The rest of her life she had to hide the scar under wigs and heavy make-up. Ever the trooper, she returned to touring while
still on crutches.
Her recording of young songwriter Willie Nelson’s Crazy
became the biggest hit of her
career. Cline became the first woman in
country music to have her own show at Carnage
Hall. She also sang at the Hollywood Bowl and headlined her own
show in Las Vegas.
Patsy Cline was only 30 years old
when she died. As so often happens after
the tragic early death of a star she has since become a cultural icon.
Cline was featured in at least two notable feature films and two made-for-TV movies.
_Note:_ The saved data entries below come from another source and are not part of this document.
Lemma mono_cut_blocker :
  m < n -> col m != col 0 -> col n != col 0 -> col m.+1 != col m -> blocker mono_cut.
Proof.
move=> mn cm0 cn0 col_cut; split=> [e | T trT]; first by rewrite inE => /and3P[].
apply: (bicoloured_descent trT col_cut (u := 0) (w := n)); rewrite 1?eq_sym //.
by rewrite /present /diagN eqxx /=; lia.
Qed.

Lemma card_mono_cut :
  (forall u w, u <= m < w -> w <= n -> col u = col w -> diagN u w) ->
  #|mono_cut| =
    #|[set u : 'I_n.+1 | (u <= m) && col u]| * #|[set w : 'I_n.+1 | (m < w) && col w]|
  + #|[set u : 'I_n.+1 | (u <= m) && ~~ col u]| * #|[set w : 'I_n.+1 | (m < w) && ~~ col w]|.
Proof.
move=> mono_diag.
have -> : mono_cut =
    setX [set u : 'I_n.+1 | (u <= m) && col u] [set w : 'I_n.+1 | (m < w) && col w]
    :|: setX [set u : 'I_n.+1 | (u <= m) && ~~ col u] [set w : 'I_n.+1 | (m < w) && ~~ col w].
  apply/setP => -[u w]; rewrite !inE /= is_diagE /=.
  have := mono_diag u w; have := ltn_ord w; rewrite /diagN.
  by case: (col u); case: (col w) => /=; lia.
rewrite cardsU !cardsX (_ : _ :&: _ = set0) ?cards0 ?subn0 //.
by apply/setP => -[u w]; rewrite !inE /=; case: (col u); rewrite ?andbT ?andbF.
Qed.

Lemma mono_cut_saturated g s :
  path chain_step (0, n) s -> last (0, n) s = (m, m.+1) ->
  all (fun x => (col x.1 != col x.2) || (x == (g.1 : nat, g.2 : nat))) ((0, n) :: s) ->
  ~ blocker (mono_cut :\ g).
Proof.
move=> chain last_chain mono_g [_ meets].
have [|T trT sT] := noncrossing_extend _ (chain_set_noncrossing chain).
  by move=> e; rewrite inE => /andP[].
have [[a b] /andP[]] := meets T trT.
rewrite !inE /= => /andP[ab_g /and3P[_ cut_ab /eqP col_ab]] abT.
have off_chain : (a : nat, b : nat) \notin (0, n) :: s.
  apply: contra ab_g => /(allP mono_g); rewrite /= col_ab eqxx /= => /eqP[ag bg].
  by apply/eqP; rewrite -[g]edgeN_val -ag -bg /edgeN !inord_val.
have a_bound : 0 <= a <= (last (0, n) s).1 by rewrite last_chain /=; lia.
have b_bound : (last (0, n) s).2 <= b <= n by rewrite last_chain /=; have := ltn_ord b; lia.
have [[x y] xy /andP /= [dxy cross_abxy]] :=
  chain_edges_cross (p := (0, n)) (leqnn n) chain a_bound b_bound cut_ab off_chain.
have yn : y <= n by have /allP/(_ _ xy)/andP[] := chain_edges_within chain.
have xyT : edgeN x y \in T.
  apply: (subsetP sT); rewrite inE is_diagE !edgeN1 ?edgeN2 ?dxy //=.
  by move: dxy; rewrite /diagN; lia.
case: trT => _ ncT _; have := ncT _ _ abT xyT.
by rewrite crossE edgeN1 ?edgeN2 ?cross_abxy //; move: dxy; rewrite /diagN; lia.
Qed.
In 1980 she was
played by Beverly D’Angelo
in the Loretta Lynn biopic Coal Miner’s Daughter. Five years
later she got her own biopic, Sweet Dreams staring Jessica Lang and Ed Harris as her husband Charlie Dick. The film was criticized for putting Cline’s
career on the back burner instead of focusing on the melodrama around her tempestuous
marriage. None-the-less Lang
garnered an Academy Award Nomination for
her star turn.
In 1995 Big Dreams and Broken Hearts: The
Dottie West Story, a film about
the life and career of Cline’s friend Dottie West played on CBS with Tere Myers as Patsy. Yet another take on the relationship with
Lynn, Patsy & Loretta was 2019 Lifetime flick with Broadway
star Megan Hilty as Cline. Directed by the Academy Award-winning screenwriter
Callie Khouri the film was
co-produced by Lynn’s daughter and Cline’s daughter, Julie Fudge.
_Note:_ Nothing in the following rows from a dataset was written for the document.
Fixpoint code (f : form) : nat :=
  match f with
  | Var n => code_node 0 n 0
  | Bot => code_node 1 0 0
  | And a b => code_node 2 (code a) (code b)
  | Or a b => code_node 3 (code a) (code b)
  | Imp a b => code_node 4 (code a) (code b)
  | Cond a b => code_node 5 (code a) (code b)
  end.

Lemma code_node_inj k m n k' m' n' :
  code_node k m n = code_node k' m' n' -> k = k' /\ m = m' /\ n = n'.
Proof.
  unfold code_node; intro H.
  apply Cantor.to_nat_inj, pair_equal_spec in H as [Hk H].
  apply Cantor.to_nat_inj, pair_equal_spec in H as [Hm Hn]; auto.
Qed.

Lemma code_inj f g : code f = code g -> f = g.
Proof.
  revert g; induction f; intro g; destruct g; intro H; simpl in H;
    apply code_node_inj in H; destruct H as [Hk [Hm Hn]];
    try discriminate Hk; f_equal; auto.
Qed.

Section Lindenbaum.

Variable Gamma : form -> Prop.

Record ptheory : Type := {
  pt_mem :> form -> Prop;
  pt_closed : forall a, derives Gamma pt_mem a -> pt_mem a;
  pt_consistent : ~ pt_mem Bot;
  pt_prime : forall a b, pt_mem (Or a b) -> pt_mem a \/ pt_mem b
}.

Variables (T : form -> Prop) (phi : form).

Fixpoint lindenbaum_stage (n : nat) : form -> Prop :=
  match n with
  | 0 => T
  | S n => fun x => lindenbaum_stage n x \/
             (code x = n /\ ~ derives Gamma (extend (lindenbaum_stage n) x) phi)
  end.

Definition lindenbaum_limit : form -> Prop := fun x => exists n, lindenbaum_stage n x.

Lemma lindenbaum_stage_mono n m : n <= m -> forall x, lindenbaum_stage n x -> lindenbaum_stage m x.
Proof. induction 1; simpl; auto. Qed.

Hypothesis T_not_phi : ~ derives Gamma T phi.

Lemma lindenbaum_stage_not_phi n : ~ derives Gamma (lindenbaum_stage n) phi.
Proof.
  induction n as [|n IHn]; simpl; [exact T_not_phi|]; intro D.
  destruct (classic (exists x, code x = n /\
                               ~ derives Gamma (extend (lindenbaum_stage n) x) phi))
    as [[x [Hx Hnx]]|Hnone].
  - apply Hnx; revert D; apply derives_mono.
    intros y [Hy|[Hy _]]; [left; exact Hy|right; apply code_inj; congruence].
  - apply IHn; revert D; apply derives_mono.
    intros y [Hy|Hy]; [exact Hy|exfalso; apply Hnone; exists y; exact Hy].
Qed.

Lemma lindenbaum_limit_compact a :
  derives Gamma lindenbaum_limit a -> exists n, derives Gamma (lindenbaum_stage n) a.
Proof.
  intro D; induction D as [a [n Hn]|a Ha|a b _ [n1 IH1] _ [n2 IH2]].
  - exists n; apply der_hyp; exact Hn.
  - exists 0; apply der_thm; exact Ha.
  - exists (max n1 n2); apply der_mp with a; [revert IH1|revert IH2];
      apply derives_mono, lindenbaum_stage_mono; lia.
Qed.

Lemma lindenbaum_limit_not_phi : ~ derives Gamma lindenbaum_limit phi.
Proof.
  intro D; destruct (lindenbaum_limit_compact phi D) as [n Hn].
  exact (lindenbaum_stage_not_phi n Hn).
Qed.

Lemma lindenbaum_limit_maximal x :
  ~ lindenbaum_limit x -> derives Gamma lindenbaum_limit (Imp x phi).
Proof.
  intro Hx; apply deduction, NNPP; intro Hnd.
  apply Hx; exists (S (code x)); right; split; [reflexivity|].
  intro D; apply Hnd; revert D; apply derives_mono.
  intros y [Hy|Hy]; [left; exists (code x); exact Hy|right; exact Hy].
Qed.

Lemma lindenbaum : exists w : ptheory, (forall x, T x -> w x) /\ ~ w phi.
Proof.
  assert (closed : forall a, derives Gamma lindenbaum_limit a -> lindenbaum_limit a).
  { intros a Da; apply NNPP; intro Hna; apply lindenbaum_limit_not_phi.
    eapply der_mp; [apply lindenbaum_limit_maximal, Hna|exact Da]. }
  assert (consistent : ~ lindenbaum_limit Bot).
  { intro Hbot; apply lindenbaum_limit_not_phi.
    eapply der_mp; [apply derives_ipc, ax_EFQ|apply der_hyp, Hbot]. }
  assert (prime : forall a b, lindenbaum_limit (Or a b) ->
                              lindenbaum_limit a \/ lindenbaum_limit b).
  { intros a b Hab; apply NNPP; intro Hn; apply lindenbaum_limit_not_phi.
    eapply der_mp; [eapply der_mp; [eapply der_mp; [apply derives_ipc, ax_OE|]|]|];
      [apply lindenbaum_limit_maximal|apply lindenbaum_limit_maximal|apply der_hyp, Hab];
      tauto. }
  exists (Build_ptheory lindenbaum_limit closed consistent prime); simpl; split.
  - intros x Hx; exists 0; exact Hx.
  - intro Hphi; apply lindenbaum_limit_not_phi, der_hyp, Hphi.
Qed.

End Lindenbaum.

Section PrimeTheories.

Context {Gamma : form -> Prop}.

Implicit Types (G D : ptheory Gamma) (a b : form).

Lemma pt_thm G a : ICK_plus Gamma a -> G a.
Proof. intro; apply pt_closed, der_thm; assumption. Qed.

Lemma pt_mp G a b : G (Imp a b) -> G a -> G b.
Proof. intros; apply pt_closed; eapply der_mp; apply der_hyp; eassumption. Qed.

Lemma pt_imp G a b : ICK_plus Gamma (Imp a b) -> G a -> G b.
Proof. intro; apply pt_mp, pt_thm; assumption. Qed.

Lemma pt_and G a b : G (And a b) <-> G a /\ G b.
Proof.
  split.
  - intro; split; eapply pt_imp; eauto; apply d_ipc; constructor.
  - intros [Ha Hb]; eapply pt_mp; [eapply pt_mp; [apply pt_thm, d_ipc, ax_AI|]|]; eauto.
Qed.

Lemma pt_or G a b : G (Or a b) <-> G a \/ G b.
Proof.
  split; [apply pt_prime|].
  intros [H|H]; eapply pt_imp; eauto; apply d_ipc; constructor.
Qed.

Definition cond_succ a G D : Prop := forall psi, G (Cond a psi) -> D psi.

Lemma pt_cond_mono G a x y : ICK_plus Gamma (Imp x y) -> G (Cond a x) -> G (Cond a y).
Proof.
  intros Hxy Hx.
  assert (Hxy' : G (Cond a (And x y))).
  { eapply pt_imp; [apply ICK_iff_elim1, d_congr, ICK_iff_andr, Hxy|exact Hx]. }
  apply (pt_imp _ _ _ (ICK_iff_elim1 _ _ _ (ICK_cond_and _ a x y))), pt_and in Hxy'.
  tauto.
Qed.

Lemma pt_cond_closed G a b : derives Gamma (fun psi => G (Cond a psi)) b -> G (Cond a b).
Proof.
  intro D; induction D as [b Hb|b Hb|x y _ IH1 _ IH2].
  - exact Hb.
  - apply (pt_cond_mono G a Top); [eapply d_mp; [apply d_ipc, ax_K|exact Hb]|].
    eapply pt_imp; [apply ICK_iff_elim2, ICK_cond_top|apply pt_thm, d_ipc, ax_EFQ].
  - apply (pt_cond_mono G a (And (Imp x y) x)); [apply ICK_modus_ponens|].
    eapply pt_imp; [apply ICK_iff_elim2, ICK_cond_and|apply pt_and; auto].
Qed.

Lemma cond_succ_witness G a b : ~ G (Cond a b) -> exists D, cond_succ a G D /\ ~ D b.
Proof.
  intro Hab; apply lindenbaum; intro D; apply Hab, pt_cond_closed, D.
Qed.

Lemma ptheory_separates a b :
  ~ ICK_plus Gamma (Imp a b) -> exists D : ptheory Gamma, D a /\ ~ D b.
Proof.
  intro Hab; destruct (lindenbaum Gamma (extend (fun _ => False) a) b) as [D [HD HDb]].
  - intro Dab; apply Hab, ICK_imp_intro, Dab.
  - exists D; split; [apply HD; right; reflexivity|exact HDb].
Qed.

End PrimeTheories.

Lemma iCC_cond_refl a : iCC (Cond a a).
Proof. exact (d_subst _ (subst3 a a a) _ (d_gam _ _ icc_id)). Qed.

Lemma iCC_cut a b c : iCC (Imp (And (Cond a b) (Cond (And a b) c)) (Cond a c)).
Proof. exact (d_subst _ (subst3 a b c) _ (d_gam _ _ icc_cut)). Qed.

Lemma iCC_cautious_mono a b c : iCC (Imp (And (Cond a b) (Cond a c)) (Cond (And a b) c)).
Proof. exact (d_subst _ (subst3 a b c) _ (d_gam _ _ icc_cm)). Qed.

Section CanonicalModel.

Notation world := (ptheory icc_extra).

Implicit Types (G D : world) (A B : world -> Prop) (a b : form).

Lemma cond_equiv_of_succ G a b :
  (forall D, cond_succ a G D -> D b) -> (forall D, D b -> D a) ->
  forall psi, G (Cond a psi) <-> G (Cond b psi).
Proof.
  intros Hab Hba.
  assert (Gab : G (Cond a b)).
  { apply NNPP; intro Hn; destruct (cond_succ_witness G a b Hn) as [D [HD HDb]].
    exact (HDb (Hab D HD)). }
  assert (ba : iCC (Imp b a)).
  { apply NNPP; intro Hn; destruct (ptheory_separates b a Hn) as [D [HDb HDa]].
    exact (HDa (Hba D HDb)). }
  (* [And a b] is equivalent to [b]; cut and cautious monotonicity pass between [a] and [And a b]. *)
  intro psi; pose proof (d_congl _ _ _ psi (ICK_iff_andl _ _ _ ba)) as E; split; intro H.
  - eapply pt_imp; [apply ICK_iff_elim1, E|].
    eapply pt_imp; [apply iCC_cautious_mono|apply pt_and; auto].
  - eapply pt_imp; [apply (iCC_cut a b psi)|apply pt_and; split; [exact Gab|]].
    eapply pt_imp; [apply ICK_iff_elim2, E|exact H].
Qed.

Definition represents A G a : Prop :=
  (forall D, cond_succ a G D -> A D) /\ (forall D, A D -> D a).

Definition canon_rel A G D : Prop :=
  (exists a, represents A G a /\ cond_succ a G D) \/
  ((forall a, ~ represents A G a) /\ A D).

Lemma represents_unique A G a b : represents A G a -> represents A G b ->
  forall psi, G (Cond a psi) <-> G (Cond b psi).
Proof.
  intros [HaA HAa] [HbA HAb].
  assert (to_and : forall c, (forall D, cond_succ c G D -> A D) ->
                   (forall D, D a -> D b -> D c) ->
                   forall psi, G (Cond c psi) <-> G (Cond (And a b) psi)).
  { intros c HcA Habc; apply cond_equiv_of_succ.
    - intros D HD; apply pt_and; split; [apply HAa|apply HAb]; apply HcA, HD.
    - intros D HD; apply pt_and in HD; apply Habc; apply HD. }
  intro psi; rewrite (to_and a HaA (fun _ Ha _ => Ha)), (to_and b HbA (fun _ _ Hb => Hb)).
  reflexivity.
Qed.

Lemma canon_rel_represents A G a D : represents A G a -> canon_rel A G D <-> cond_succ a G D.
Proof.
  intro Ha; split.
  - intros [[b [Hb HD]]|[Hn _]].
    + intros psi Hpsi; apply HD, (represents_unique A G a b Ha Hb), Hpsi.
    + contradiction (Hn a Ha).
  - intro HD; left; exists a; split; assumption.
Qed.

Lemma canon_rel_in A G D : canon_rel A G D -> A D.
Proof. intros [[a [[HaA _] HD]]|[_ HD]]; auto. Qed.

Lemma represents_ext A B G a : (forall D, A D <-> B D) -> represents A G a -> represents B G a.
Proof. intros E [HaA HAa]; split; intros D HD; [apply E, HaA, HD|apply HAa, E, HD]. Qed.

Lemma canon_rel_ext A B : (forall D, A D <-> B D) -> forall G D, canon_rel A G D <-> canon_rel B G D.
Proof.
  intros E G D.
  assert (E' : forall D, B D <-> A D) by (intro; symmetry; apply E).
  unfold canon_rel; split; intros [[a [Ha HD]]|[Hn HD]].
  1,3: left; exists a; split; [eapply represents_ext; eassumption|exact HD].
  all: right; split; [intros a Ha; eapply Hn, represents_ext; eassumption|apply E; exact HD].
Qed.

Definition subtheory G D : Prop := forall x, G x -> D x.

Lemma canon_rel_coh A G G' D' : subtheory G G' -> canon_rel A G' D' ->
  exists D, canon_rel A G D /\ subtheory D D'.
Proof.
  intros HGG' HD'; exists D'; split; [|intros x Hx; exact Hx].
  destruct (classic (exists a, represents A G a)) as [[a [HaA HAa]]|Hn].
  - assert (Ha' : represents A G' a).
    { split; [|exact HAa]. intros D HD; apply HaA; intros psi Hpsi; apply HD, HGG', Hpsi. }
    apply (canon_rel_represents A G' a D' Ha') in HD'.
    apply (canon_rel_represents A G a D' (conj HaA HAa)).
    intros psi Hpsi; apply HD', HGG', Hpsi.
  - right; split; [intros a Ha; apply Hn; exists a; exact Ha|exact (canon_rel_in A G' D' HD')].
Qed.

Definition canon_frame (h : inhabited world) : cframe :=
  CFrame world subtheory canon_rel h
    (fun G x Hx => Hx)
    (fun G D E HGD HDE x Hx => HDE x (HGD x Hx))
    canon_rel_ext
    (fun A _ => canon_rel_coh A).

Lemma canon_frame_cautious h : cautious (canon_frame h).
Proof.
  split.
  - intros G A _ D HD; exact (canon_rel_in A G D HD).
  - intros G A B _ _ HAB HBA D; simpl in *.
    assert (E : forall D, canon_rel A G D <-> canon_rel B G D).
    { intro D'; destruct (classic (exists a, represents A G a)) as [[a Ha]|Hn].
      - assert (HaB : represents B G a).
        { split.
          - intros D'' HD''; apply HAB, (canon_rel_represents A G a D'' Ha), HD''.
          - intros D'' HD''; apply (proj2 Ha), HBA, HD''. }
        rewrite (canon_rel_represents A G a D' Ha), (canon_rel_represents B G a D' HaB).
        reflexivity.
      - apply canon_rel_ext; intro D''; split; [|apply HBA].
        intro HD''; apply HAB; right; split; [intros a Ha; apply Hn; exists a|]; assumption. }
    unfold upclosure; split; intros [s [Hs hsD]]; exists s; split; auto; apply E, Hs.
Qed.

Definition canon_val (n : nat) (G : world) : Prop := G (Var n).

Lemma canon_truth h f G : forces (canon_frame h) canon_val G f <-> G f.
Proof.
  revert G.
  induction f as [n| |a IHa b IHb|a IHa b IHb|a IHa b IHb|a IHa b IHb]; intro G; simpl.
  - reflexivity.
  - split; [tauto|apply pt_consistent].
  - rewrite pt_and, IHa, IHb; reflexivity.
  - rewrite pt_or, IHa, IHb; reflexivity.
  - split.
    + intro H; apply NNPP; intro Hn.
      destruct (lindenbaum icc_extra (extend G a) b) as [D [HGD HDb]].
      * intro Dab; apply Hn, pt_closed, deduction, Dab.
      * apply HDb, IHb, H.
        -- intros x Hx; apply HGD; left; exact Hx.
        -- apply IHa, HGD; right; reflexivity.
    + intros H D HGD HDa; apply IHb; eapply pt_mp; [apply HGD, H|apply IHa, HDa].
  - assert (E : forall D, canon_rel (fun D => forces (canon_frame h) canon_val D a) G D <->
                          cond_succ a G D).
    { intro D; rewrite (canon_rel_ext _ (fun D => D a) IHa).
      apply canon_rel_represents; split; [|auto].
      intros D' HD'; apply HD', pt_thm, iCC_cond_refl. }
    split.
    + intro H; apply NNPP; intro Hn.
      destruct (cond_succ_witness G a b Hn) as [D [HD HDb]].
      apply HDb, IHb, H, E, HD.
    + intros H D HD; apply IHb, (proj1 (E D) HD), H.
Qed.

End CanonicalModel.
Cline was also prominently featured
in Ken Burn’s epic PBS series Country Music.
On the stage, the 1985 off-Broadway two person play
Always...Patsy Cline based on the
friendship and correspondence of the star with a Houston fan has become
a staple of regional and dinner theater
productions. A 1991 production, A
Closer Walk with Patsy Cline is a more straight forward account of
Clines career featuring many of her most famous songs. It is also regularly staged.
To this day no one sings a song with
emotional intensity of the girl from Winchester.